Les Marocains ont finalement eu raison de se réjouir de l’indépendance du pouvoir judiciaire. Les derniers événements, notamment la mise en accusation d’un dirigeant du PJD, Abdelali Hamieddine, pour «complicité de meurtre», et le comportement de son parti envers la justice, viennent leur donner raison, écrit le quotidien Al Akhbar dans une longue analyse consacrée à ce sujet dans son édition du lundi 17 décembre. Les Marocains avaient, en effet, raison de craindre que la justice ne soit utilisée pour régler des comptes politiques ou que l’on tente de l’influencer pour changer l’issue des affaires en cours.
Il aura ainsi suffi, ajoute le journal, qu’un dirigeant du parti islamiste au pouvoir soit inculpé par le juge pour que le ministre d’Etat chargé des droits de l’Homme s'attaque ouvertement à la justice et remette en question son indépendance. Bien plus, avant même cette décision de poursuivre Hamieddine sur la base des articles 128, 392, 393, 394 et 395, ce même ministre avait assisté, avec d’autres ministres appartenant au PJD, à une conférence de presse organisée par Hamieddine, alors que l’affaire n’en était encore qu’au stade d’instruction. Ce qui fait dire au journal que le PJD, usant de sa position de parti au pouvoir, avait tenté d’influencer une affaire en cours devant la justice.

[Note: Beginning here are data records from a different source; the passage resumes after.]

Lemma uset_up n (A : 'M[V]_n) X t t' : sa star A -> X \is hermsymmx ->
  uset nu A X t -> t < t' -> uset nu A X t'.
Proof.
move=> hA hX At lt_t; have [t0 [[[_ Tt_ge0] _] _]] := At.
have shiftE v : qform (t'%:M - X) v = (t' - t) * sqnorm v + qform (t%:M - X) v.
  by rewrite !qform_shift mulrBl addrA subrK.
have := uset_transfer (Z := 1%:M) hA At (lt_trans t0 lt_t).
rewrite trmxC1 lrmul1; apply => [|v].
  apply: (pdmx_coercive (d := t' - t)); rewrite ?subr_gt0 //.
    by rewrite hermsymmx_shift // gtr0_real // (lt_trans t0).
  by move=> v; rewrite shiftE lerDl; apply: Tt_ge0.
by rewrite mul1mx mulmx1 shiftE lerDr mulr_ge0 ?sqnorm_ge0 // subr_ge0 ltW.
Qed.

Lemma uset_compress n k (A : 'M[V]_n) X (Z : 'M[C]_(n, k)) t s :
  sa star A -> X \is hermsymmx -> uset nu A X t -> opnorm Z ^+ 2 * t < s ->
  uset nu (lrmul (Z ^t*) A Z) (Z ^t* *m X *m Z) s.
Proof.
move=> hA hX At lt_s; have [t0 [[[_ Tt_ge0] _] _]] := At.
have s0 : 0 < s.
  by apply: le_lt_trans lt_s; rewrite mulr_ge0 ?exprn_ge0 ?(opnorm_ge0 C_complete) ?ltW.
have compE v : qform (s%:M - Z ^t* *m X *m Z) v =
    (s * sqnorm v - t * sqnorm (Z *m v)) + qform (t%:M - X) (Z *m v).
  by rewrite !qform_shift qform_conj addrA subrK.
have ZtZ v : (s - opnorm Z ^+ 2 * t) * sqnorm v <= s * sqnorm v - t * sqnorm (Z *m v).
  rewrite mulrBl lerD2l lerN2 mulrAC [leRHS]mulrC ler_wpM2l ?(ltW t0) //.
  exact: (sqnorm_mulmx_le C_complete).
apply: (uset_transfer hA At s0) => [|v].
  apply: (pdmx_coercive (d := s - opnorm Z ^+ 2 * t)); rewrite ?subr_gt0 //.
    by rewrite hermsymmx_shift ?gtr0_real ?hermsymmx_conj.
  by move=> v; rewrite compE ler_wpDr //; apply: Tt_ge0.
rewrite qform_conj compE lerDr; apply: le_trans (ZtZ v).
by rewrite mulr_ge0 ?sqnorm_ge0 // subr_ge0 ltW.
Qed.

Lemma uset_nonempty n (A : 'M[V]_n) X : sa star A -> X \is hermsymmx ->
  exists t, uset nu A X t.
Proof.
move=> hA hX; have [c c0 Xc] := qform_le_sqnorm hX.
pose d := 1 + nu n A.
have d0 : 0 < d by rewrite ltr_pwDl ?nu_ge0.
have Td v : d * sqnorm v <= qform ((c + d)%:M - X) v.
  by rewrite qform_shift (mulrDl c d) addrAC lerDr subr_ge0 Xc.
have cd0 : 0 < c + d := ltr_wpDl c0 d0.
have rS := msqrt_hroot (pdmx_coercive (hermsymmx_shift (gtr0_real cd0) hX) d0 Td).
exists (c + d); apply/(usetP hA cd0 rS).
have [hS _ _] := rS; have := nu_lrmul_le (invmx (msqrt ((c + d)%:M - X))) hA.
rewrite trmxCV hS => /le_trans; apply.
apply: le_trans (ler_wpM2r (nu_ge0 hA) (opnorm_invmx_hroot C_complete rS d0 Td)) _.
by rewrite ler_pdivrMl // mulr1 lerDr.
Qed.

Lemma unorm_is_glb n (A : 'M[V]_n) X : sa star A -> X \is hermsymmx ->
  is_glb (uset nu A X) (unorm nu A X).
Proof.
move=> hA hX; apply: (inf_is_glb C_complete).
- by move=> t [t0 _]; exact: gtr0_real.
- exact: uset_nonempty.
- by exists 0 => t [t0 _]; exact: ltW.
Qed.

Lemma unorm_ge0 n (A : 'M[V]_n) X : sa star A -> X \is hermsymmx -> 0 <= unorm nu A X.
Proof.
by move=> hA hX; have [_] := unorm_is_glb hA hX; apply => t [t0 _]; exact: ltW.
Qed.

Lemma uset_gt_unorm n (A : 'M[V]_n) X s : sa star A -> X \is hermsymmx ->
  unorm nu A X < s -> uset nu A X s.
Proof.
move=> hA hX lt_s.
have sR : s \is Num.real by rewrite gtr0_real // (le_lt_trans (unorm_ge0 hA hX)).
have usetR t : uset nu A X t -> t \is Num.real by move=> [t0 _]; exact: gtr0_real.
have [a Aa lt_a] := is_glb_lt (unorm_is_glb hA hX) lt_s usetR sR.
exact: uset_up hA hX Aa lt_a.
Qed.

Lemma unorm_compress n k (A : 'M[V]_n) X (Z : 'M[C]_(n, k)) :
  sa star A -> X \is hermsymmx ->
  unorm nu (lrmul (Z ^t*) A Z) (Z ^t* *m X *m Z) <= opnorm Z ^+ 2 * unorm nu A X.
Proof.
move=> hA hX.
have [lbZ _] := unorm_is_glb (sa_lrmul starV Z hA) (hermsymmx_conj Z hX).
have [_ glbA] := unorm_is_glb hA hX.
have le_t t : uset nu A X t ->
    unorm nu (lrmul (Z ^t*) A Z) (Z ^t* *m X *m Z) <= opnorm Z ^+ 2 * t.
  move=> At; apply/ler_addgt0Pr => e e0; apply: lbZ.
  by apply: (uset_compress hA hX At); rewrite ltrDl.
have Z0 : 0 <= opnorm Z ^+ 2 by rewrite exprn_ge0 ?(opnorm_ge0 C_complete).
have [Z_eq0 | Z_neq0] := eqVneq (opnorm Z ^+ 2) 0.
  by have [t /le_t] := uset_nonempty hA hX; rewrite Z_eq0 !mul0r.
have Z_gt0 : 0 < opnorm Z ^+ 2 by rewrite lt_def Z_neq0 Z0.
by rewrite -ler_pdivrMl //; apply: glbA => t /le_t; rewrite ler_pdivrMl.
Qed.

Lemma unorm_isometry_le n k (A : 'M[V]_n) X (Z : 'M[C]_(n, k)) :
  sa star A -> X \is hermsymmx -> Z ^t* *m Z = 1%:M ->
  unorm nu (lrmul (Z ^t*) A Z) (Z ^t* *m X *m Z) <= unorm nu A X.
Proof.
move=> hA hX isoZ; apply: le_trans (unorm_compress Z hA hX) _.
rewrite ler_piMl ?unorm_ge0 // exprn_ile1 ?(opnorm_ge0 C_complete) //.
apply: (opnorm_le C_complete) => // v.
by rewrite expr1n mul1r sqnorm_mulmx isoZ qform_scalar mul1r.
Qed.

Lemma uset_block n k (A : 'M[V]_n) X (B : 'M[V]_k) Y s : sa star A -> sa star B ->
  uset nu A X s -> uset nu B Y s -> uset nu (block_mx A 0 0 B) (block_mx X 0 0 Y) s.
Proof.
move=> hA hB [s0 [pA nuA]] [_ [pB nuB]].
have rA := msqrt_hroot pA; have rB := msqrt_hroot pB.
have := hroot_block rA rB.
have -> : block_mx (s%:M - X) 0 0 (s%:M - Y) = s%:M - block_mx X 0 0 Y.
  by rewrite (scalar_mx_block n k) opp_block_mx add_block_mx !oppr0 !addr0.
move=> rAB; have [_ uAB _] := rAB.
have hNA := sa_lrmul_inv hA rA; have hNB := sa_lrmul_inv hB rB.
apply/(usetP (sa_block starV hA hB) s0 rAB).
rewrite invmx_block_diag // lrmul_block_diag nu_block //.
have nuR := real_comparable (ger0_real (nu_ge0 hNA)) (ger0_real (nu_ge0 hNB)).
by rewrite (comparable_ge_max _ nuR) nuA nuB.
Qed.

Lemma unorm_block n k (A : 'M[V]_n) X (B : 'M[V]_k) Y :
  sa star A -> X \is hermsymmx -> sa star B -> Y \is hermsymmx ->
  unorm nu (block_mx A 0 0 B) (block_mx X 0 0 Y) = Num.max (unorm nu A X) (unorm nu B Y).
Proof.
move=> hA hX hB hY; have hAB := sa_block starV hA hB; have hXY := hermsymmx_block hX hY.
have uR := real_comparable (ger0_real (unorm_ge0 hA hX)) (ger0_real (unorm_ge0 hB hY)).
apply/eqP; rewrite eq_le (comparable_ge_max _ uR); apply/and3P; split.
- apply/ler_addgt0Pr => e e0; have [lbAB _] := unorm_is_glb hAB hXY; apply: lbAB.
  have lt_max x : x <= Num.max (unorm nu A X) (unorm nu B Y) ->
      x < Num.max (unorm nu A X) (unorm nu B Y) + e.
    by move=> le_x; rewrite (le_lt_trans le_x) // ltrDl.
  apply: (uset_block hA hB); [apply: (uset_gt_unorm hA hX) | apply: (uset_gt_unorm hB hY)];
    by apply: lt_max; rewrite (comparable_le_max _ uR) lexx ?orbT.
- have := unorm_isometry_le hAB hXY (inl_mx_isometry C n k).
  by rewrite lrmul_inl_block inl_mx_block.
- have := unorm_isometry_le hAB hXY (inr_mx_isometry C n k).
  by rewrite lrmul_inr_block inr_mx_block.
Qed.

End Unitization.

Theorem lemma3p8 (C : numClosedFieldType) (V : lmodType C) (star : V -> V)
  (nu : forall n, 'M[V]_n -> C) :
  real_complete C -> is_star star -> Linf_MOS star nu ->
  (forall n (A : 'M[V]_n) (X : 'M[C]_n), sa star A -> X \is hermsymmx ->
     (exists t, uset nu A X t) /\
     is_glb (uset nu A X) (unorm nu A X) /\ 0 <= unorm nu A X) /\
  (forall n k (A : 'M[V]_n) (X : 'M[C]_n) (B : 'M[V]_k) (Y : 'M[C]_k)
          (Z : 'M[C]_(n, k)),
     sa star A -> X \is hermsymmx -> sa star B -> Y \is hermsymmx ->
     unorm nu (block_mx A 0 0 B) (block_mx X 0 0 Y)
       = Num.max (unorm nu A X) (unorm nu B Y) /\
     unorm nu (lrmul (Z ^t*) A Z) (Z ^t* *m X *m Z) <= opnorm Z ^+ 2 * unorm nu A X).
Proof.
move=> C_complete starV nuL.
split => [n A X hA hX | n k A X B Y Z hA hX hB hY].
  split; first exact: (uset_nonempty C_complete starV nuL).
  split; first exact: (unorm_is_glb C_complete starV nuL).
  exact: (unorm_ge0 C_complete starV nuL).
split; first exact: (unorm_block C_complete starV nuL).
exact: (unorm_compress C_complete starV nuL).
Qed.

Le peu de cas que fait le parti de l’indépendance de la justice s'est précisé au fil des interventions de ses élus au Parlement, poursuit Al Akhbar. D'ailleurs, ce parti s’était opposé, dès le début, à l'émancipation du Parquet de l’emprise et de la tutelle du ministre de la Justice, rappelle Al Akhbar. Plus encore, souligne le journal, des dirigeants du parti islamiste ont, à diverses occasions, fait montre de leur dénigrement de la justice, en refusant d’exécuter une décision judiciaire ou de comparaître devant le juge dans le cadre d’un affaire en cours.
En plus, le groupe parlementaire du PJD use, lui aussi, de sa position à l’Hémicycle pour évoquer des affaires toujours en cours devant la justice. C’est ainsi que, sur quelque 40.000 individus en détention provisoire, Abdelali Hamieddine, conseiller à la deuxième Chambre, a particulièrement insisté sur le cas de Taoufiq Bouachrine, condamné à 12 ans de prison pour traite d'êtres humains et agressions sexuelles, lors d’une réunion de la commission de la justice et de la législation consacrée au débat du budget sectoriel du département de la Justice, et ce en profitant de la présence du ministre Mohammed Aujjar.
Son épouse, Bouthaina Karrouri, députée à la première Chambre, ne manque pas non plus une occasion de soulever le cas de cet «ami» du couple, que ce soit en séance plénière ou lors des débats en commission, précise le journal. C’est le cas également du président du groupe parlementaire du parti islamiste à la Chambre des représentants qui a profité, il y a quelques jours, d’une séance de questions orales pour interpeller le ministre de la Justice sur le cas de Hamieddine, évoquant à la fois des pans du droit pénal marocain et des extraits du pacte international relatif aux droits civils et politiques.
Par ailleurs, les prémices du «retournement» du PJD contre l’indépendance de la justice étaient perceptibles bien avant cet incident, note le journal. C’est ainsi que le parti islamiste et une partie de l’opposition ont fait cause commune de leur désir de faire comparaître le président du Parquet général et le président délégué du Conseil supérieur du pouvoir judiciaire devant la commission de la Justice, pour présenter le bilan et le budget du Conseil en lieu et place du ministre de la Justice. Ils ont même menacé de ne pas voter ce budget si les deux responsables ne se présentaient pas devant la commission pour le défendre. Bien sûr, rien de cela n'a eu lieu: ce débat est clos et la Cour constitutionnelle a dit son mot là-dessus.
En outre, rappelle le journal, les députés du PJD s’étaient catégoriquement opposés à l’indépendance du Parquet général du ministère de la Justice lors de l’examen du projet de loi organique relatif au Conseil supérieur du pouvoir judiciaire. Ils avaient même présenté un amendement de l’article 51 de ce projet pour donner des pouvoirs étendus au ministre de la Justice et contrôler l’action du ministère public. Ce que l’opposition avait alors considéré comme une tentative de porter atteinte à l’indépendance de la Justice. Naturellement, l’amendement n’est pas passé et la majorité a voté un amendement contraire présenté, au nom du gouvernement, par Mustapha Ramid, alors ministre de la justice.